WHAT THE EXERCISE ASKS
Scan the entries and copy each line where the word "Prop" is present.

DATA SECTION
(* Let $\Psi,\Lambda,\Upsilon$ and $\delta$ be as in the context, put $\bar\Lambda=\Lambda(\bar U,\vec0,0,0)$, and let $\{\bar U^\varepsilon\}\subseteq\mathbb R^n$ with $\bar U^\varepsilon\to\bar U$ as $\varepsilon\to0^+$. If $\delta$ is sufficiently small, there exist constants $c_V,\theta,c_W\in(0,1)$ independent of $\varepsilon$ such that for every sufficiently small $\varepsilon>0$ and every $\bar W_{cs}\in\mathbb R^k$ with $|\bar W_{cs}|\le\theta\delta$, the system $$V^\varepsilon(\zeta)=\bar U^\varepsilon+\int_{\delta/\varepsilon}^{\zeta}\Psi\big(V^\varepsilon(y),W^\varepsilon_{cs}(y),\varepsilon y,\varepsilon\big)W^\varepsilon_{cs}(y)\,dy,$$ $$W^\varepsilon_{cs}(\zeta)=e^{\bar\Lambda\zeta-\varepsilon\zeta^2I_k/2}\bar W_{cs}+\int_0^\zeta e^{\bar\Lambda(\zeta-y)-\varepsilon\zeta^2I_k/2+\varepsilon y^2I_k/2}\Big\{\big[\Lambda(\cdot)-\bar\Lambda\big]-\varepsilon y\big[\Upsilon(\cdot)-I_k\big]\Big\}W^\varepsilon_{cs}(y)\,dy,$$ where $(\cdot)=\big(V^\varepsilon(y),W^\varepsilon_{cs}(y),\varepsilon y,\varepsilon\big)$, admits a unique continuous solution $(V^\varepsilon,W^\varepsilon_{cs})$ on $[0,\delta/\varepsilon]$ satisfying, for every $\zeta\in[0,\delta/\varepsilon]$, $$|V^\varepsilon(\zeta)-\bar U|\le c_V\delta,\qquad |W^\varepsilon_{cs}(\zeta)|\le c_W e^{-c\zeta/2}\delta.$$
   Context: $A:\mathbb R^n\to\mathbb R^{n\times n}$ smooth and strictly hyperbolic with eigenvalues satisfying $\lambda_1(U)<\dots<\lambda_k(U)<-c<0<c<\lambda_{k+1}(U)<\dots<\lambda_n(U)$ for all $U$ (some $1\le k\le n-1$, $c>0$). $\bar U\in\mathbb R^n$ is fixed. $\Psi(V,W_{cs},\xi,\varepsilon)\in\mathbb R^{n\times k}$, $\Lambda(V,W_{cs},\xi,\varepsilon)\in\mathbb R^{k\times k}$, $\Upsilon(V,W_{cs},\xi,\varepsilon)\in\mathbb R^{k\times k}$ are smooth functions defined for $|V-\bar U|\le\delta$, $|W_{cs}|\le\delta$, $|\xi|\le\delta$, $|\varepsilon|\le\delta$, with $\Lambda(\bar U,\vec0,0,0)=\mathrm{Diag}(\lambda_1(\bar U),\dots,\lambda_k(\bar U))$ and $\Upsilon(\bar U,\vec0,0,0)=I_k$; they are the coefficients of the reduction $V'=\Psi W_{cs}$, $W_{cs}'=(\Lambda-\xi\Upsilon)W_{cs}$, $\xi'=\varepsilon$, $\varepsilon'=0$ of the self-similar viscous profile system to a center-stable manifold about $(\bar U,\vec0,0,0)$ (Lemma 3.1). *)

From Stdlib Require Import Reals Lra ClassicalEpsilon.
From Stdlib Require Import Factorial.
From Stdlib Require Fin.
Open Scope R_scope.

Definition vec (N : nat) := Fin.t N -> R.
Definition mat (N P : nat) := Fin.t N -> Fin.t P -> R.

Fixpoint fsum (N : nat) : (Fin.t N -> R) -> R :=
  match N return (Fin.t N -> R) -> R with
  | O => fun _ => 0
  | S N' => fun f => f Fin.F1 + fsum N' (fun i => f (Fin.FS i))
  end.

Definition vnorm {N : nat} (v : vec N) : R := sqrt (fsum N (fun i => v i ^ 2)).
Definition vsub {N : nat} (u v : vec N) : vec N := fun i => u i - v i.
Definition vzero (N : nat) : vec N := fun _ => 0.

Definition mv {N P : nat} (M : mat N P) (w : vec P) : vec N :=
  fun i => fsum P (fun j => M i j * w j).
Definition mmul {N P Q : nat} (M : mat N P) (M' : mat P Q) : mat N Q :=
  fun i j => fsum P (fun l => M i l * M' l j).
Definition mid (N : nat) : mat N N := fun i j => if Fin.eq_dec i j then 1 else 0.
Definition madd {N P : nat} (M M' : mat N P) : mat N P := fun i j => M i j + M' i j.
Definition msub {N P : nat} (M M' : mat N P) : mat N P := fun i j => M i j - M' i j.
Definition mscal {N P : nat} (a : R) (M : mat N P) : mat N P := fun i j => a * M i j.
Definition mdiag {N : nat} (d : Fin.t N -> R) : mat N N :=
  fun i j => if Fin.eq_dec i j then d i else 0.

Fixpoint mpow {N : nat} (M : mat N N) (q : nat) : mat N N :=
  match q with O => mid N | S q' => mmul M (mpow M q') end.

Definition mexp {N : nat} (M : mat N N) : mat N N :=
  fun i j => epsilon (inhabits 0)
    (fun l => Un_cv (fun p => sum_f_R0 (fun q => mpow M q i j / INR (fact q)) p) l).

Definition upd {N : nat} (x : vec N) (j : Fin.t N) (a : R) : vec N :=
  fun i => if Fin.eq_dec i j then a else x i.

Definition cont_on {N : nat} (D : vec N -> Prop) (f : vec N -> R) : Prop :=
  forall x, D x -> forall e, 0 < e -> exists d, 0 < d /\
    forall y, D y -> vnorm (vsub y x) < d -> Rabs (f y - f x) < e.

(* C^r on D (D intended open): continuous, and all first partial derivatives
   exist on D and are C^(r-1) on D *)
Fixpoint Ck {N : nat} (r : nat) (D : vec N -> Prop) (f : vec N -> R) : Prop :=
  match r with
  | O => cont_on D f
  | S r' => cont_on D f /\
      forall j : Fin.t N, exists g : vec N -> R,
        (forall x, D x -> derivable_pt_lim (fun t => f (upd x j (x j + t))) 0 (g x))
        /\ Ck r' D g
  end.

Definition smooth_on {N : nat} (D : vec N -> Prop) (f : vec N -> R) : Prop :=
  forall r, Ck r D f.

(* splitting a point of R^(n+k+2) into (V, W, xi, eps) *)
Definition pV {n k : nat} (x : vec (n + k + 2)) : vec n := fun i => x (Fin.L 2 (Fin.L k i)).
Definition pW {n k : nat} (x : vec (n + k + 2)) : vec k := fun i => x (Fin.L 2 (Fin.R n i)).
Definition pxi {n k : nat} (x : vec (n + k + 2)) : R := x (Fin.R (n + k) Fin.F1).
Definition peps {n k : nat} (x : vec (n + k + 2)) : R := x (Fin.R (n + k) (Fin.FS Fin.F1)).
Lemma exists_free_of (s : {fset {fset nat}}) (N : {fset nat}) x :
  (forall S, S \notin s -> x S = 0) -> exists2 i, i \notin N & free_of i x.
Proof.
move=> x0; pose M := N `|` \bigcup_(S <- s) S.
have iM : (\max_(k <- M) k).+1 \notin M.
  by apply/negP => /(@leq_bigmax_seq _ _ xpredT id) /(_ isT); rewrite ltnn.
exists (\max_(k <- M) k).+1 => [|V iV]; first by apply: contra iM; rewrite inE => ->.
apply: x0; apply: contra iM => Vs; rewrite inE orbC; apply/orP; left.
exact: fsubsetP (@bigfcup_sup _ _ s V xpredT id Vs isT) _ iV.
Qed.

End Monomials.
Arguments emon {A} T _.
Arguments tconst {A} c _.


Section Embedding.
Variables (F : fieldType) (A : algType F).
Implicit Types x y : tens A.

Lemma tmul_fset0 x y : tmul x y fset0 = 0.
Proof.
rewrite /tmul big1_seq // => S /andP[/andP[S0 _]].
by rewrite fpowersetE fsubset0 (negbTE S0).
Qed.

(* [tmul] omits the terms S = fset0 and S = U of the convolution, which vanish here. *)
Lemma tmulE x y : x fset0 = 0 -> y fset0 = 0 -> tmul x y = x * y.
Proof.
move=> x0 y0; apply: funext => U; rewrite tensME /tmul big_mkcond.
apply: eq_bigr => S _; case: ifP => // /negbT; rewrite negb_and !negbK.
by case/orP => /eqP ->; rewrite ?x0 ?mul0r // fsetDv y0 mulr0.
Qed.

Lemma tbrE x y : x fset0 = 0 -> y fset0 = 0 -> tbr x y = br x y.
Proof. by move=> x0 y0; rewrite /tbr !tmulE. Qed.

Lemma tbr_fset0 x y : tbr x y fset0 = 0.
Proof. by rewrite /tbr /tsub !tmul_fset0 subr0. Qed.

Lemma texpSE x n : x fset0 = 0 -> texpS x n = x ^+ n.+1.
Proof.
move=> x0; elim: n => [|n IH] //=.
have xn0 : texpS x n fset0 = 0 by case: n {IH} => //= n; rewrite tmul_fset0.
by rewrite tmulE // IH [RHS]exprS.
Qed.

Lemma pchar_tens p : p \in [pchar F] -> p \in [pchar (tens A)].
Proof.
move=> pF; rewrite inE (pcharf_prime pF); apply/eqP/funext => V.
rewrite tensMnE tens1E tens0E; case: (V == fset0); rewrite ?mulr0n ?mul0rn //.
by rewrite mulr1n -scaler_nat (pcharf0 pF) scale0r.
Qed.

Lemma in_tL_tconst_emon1 (L : {pred A}) c k : 0 \in L -> c \in L ->
  in_tL L (tconst c * emon [fset k]).
Proof.
have ceE V : (tconst c * emon [fset k]) V = if V == [fset k] then c else 0.
  by rewrite tconstME /emon; case: ifP; rewrite ?mulr1 ?mulr0.
move=> L0 cL; split; [split|] => [||S]; rewrite ?ceE //.
- by case: eqP => // /fsetP/(_ k); rewrite !inE eqxx.
- by exists [fset [fset k]] => S; rewrite inE ceE => /negbTE ->.
- by case: ifP.
Qed.

End Embedding.

Section Sandwich.
Variables (F : fieldType) (A : algType F) (L : {pred A}) (a : tens A).
Hypotheses (L0 : 0 \in L) (aL : in_tL L a) (a_sw : tsandwich L a).

Let a0 : a fset0 = 0. Proof. by case: aL => [[]]. Qed.

Let a_fin : exists s : {fset {fset nat}}, forall S, S \notin s -> a S = 0.
Proof. by case: aL => [[]]. Qed.

(* Test ad(a)^2 = 0 on c e_i with e_i a generator not occurring in a, then cancel e_i. *)
Lemma sandwich_tconst_br_comm c : c \in L -> GRing.comm (br (tconst c) a) a.
Proof.
move=> cL; have [s as0] := a_fin; have [i _ ai] := exists_free_of fset0 as0.
have /funext/eqP := a_sw.1 _ (in_tL_tconst_emon1 i L0 cL).
rewrite !tbrE ?br_fset0 ?mul_emon1_fset0 // !br_mul_emonl.
rewrite mul_emon1_eq0 => [/eqP/subr0_eq //|].
by apply: free_of_br (ai); apply: free_of_br (free_of_tconst c) ai.
Qed.

(* Test ad(a) ad(d e_j) ad(a) = 0 on c e_i for distinct generators i, j not occurring in a. *)
Lemma sandwich_tconst_br3_eq0 c d : c \in L -> d \in L ->
  br (br (br (tconst c) a) (tconst d)) a = 0.
Proof.
move=> cL dL; have [s as0] := a_fin.
have [i _ ai] := exists_free_of fset0 as0; have [j ji aj] := exists_free_of [fset i] as0.
have /funext/eqP := a_sw.2 _ _ (in_tL_tconst_emon1 j L0 dL) (in_tL_tconst_emon1 i L0 cL).
rewrite !tbrE ?br_fset0 ?mul_emon1_fset0 // br_mul_emonl br_mul_emonr !br_mul_emonl.
have free_of_lhs k : free_of k a -> free_of k (br (br (br (tconst c) a) (tconst d)) a).
  move=> ak; apply: free_of_br (ak); apply: free_of_br (free_of_tconst d).
  exact: free_of_br (free_of_tconst c) ak.
rewrite mul_emon1_eq0 ?mul_emon1_eq0 => [/eqP //||];
  by [exact: free_of_lhs | apply: free_ofM; [exact: free_of_lhs | exact: free_of_emon]].
Qed.

Lemma sandwich_comm_br_tconst c d : c \in L -> d \in L ->
  GRing.comm (br a (tconst c)) (br a (tconst d)).
Proof.
move=> cL dL; have := br_br_swap (tconst c) (sandwich_tconst_br_comm dL).
rewrite sandwich_tconst_br3_eq0 // => /subr0_eq/commrN.
by rewrite [br (tconst d) a]/br -opprB opprK.
Qed.

Theorem sandwich_br_expr_pchar_eq0 p b : p \in [pchar F] -> in_tL L b -> br a b ^+ p = 0.
Proof.
move=> pF [[b0 [s bs0]] bL]; have p_gt1 := prime_gt1 (pcharf_prime pF).
have -> : br a b = \sum_(T <- s) br a (tconst (b T)) * emon T.
  rewrite {1}(tens_sum_monomials (fset_uniq s) bs0) /br mulr_sumr mulr_suml -sumrB.
  by apply: eq_bigr => T _; rewrite -br_mul_emonr.
apply: (expr_pchar_sum_eq0 s (pchar_tens A pF)) => [T T'|T].
  by apply: comm_mul_emon; apply: sandwich_comm_br_tconst.
have [->|T0] := eqVneq T fset0.
  by rewrite b0 tconst0 /br mulr0 mul0r subr0 mul0r expr0n; case: p p_gt1 {pF}.
by rewrite exprMn_comm ?emon_expr_eq0 ?mulr0 //; apply: emon_comm.
Qed.

End Sandwich.

Theorem lemma22 (F : fieldType) (p : nat) (hp : (p \in [pchar F])%R)
  (A : algType F) (L : {pred A}) (hL : lie_subalg L)
  (a : tens A) (ha : in_tL L a) (hsw : tsandwich L a)
  (b : tens A) (hb : in_tL L b) :
  tis0 (texpS (tbr a b) p.-1).
Proof.
have L0 : 0 \in L by case: hL => [[]].
have a0 : a fset0 = 0 by case: ha => [[]].
have b0 : b fset0 = 0 by case: hb => [[]].
rewrite texpSE ?tbr_fset0 // prednK ?prime_gt0 ?(pcharf_prime hp) // tbrE //.
by rewrite (sandwich_br_expr_pchar_eq0 L0 ha hsw hp hb).
Qed.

REPLY
Definition cont_on {N : nat} (D : vec N -> Prop) (f : vec N -> R) : Prop :=
Fixpoint Ck {N : nat} (r : nat) (D : vec N -> Prop) (f : vec N -> R) : Prop :=
Definition smooth_on {N : nat} (D : vec N -> Prop) (f : vec N -> R) : Prop :=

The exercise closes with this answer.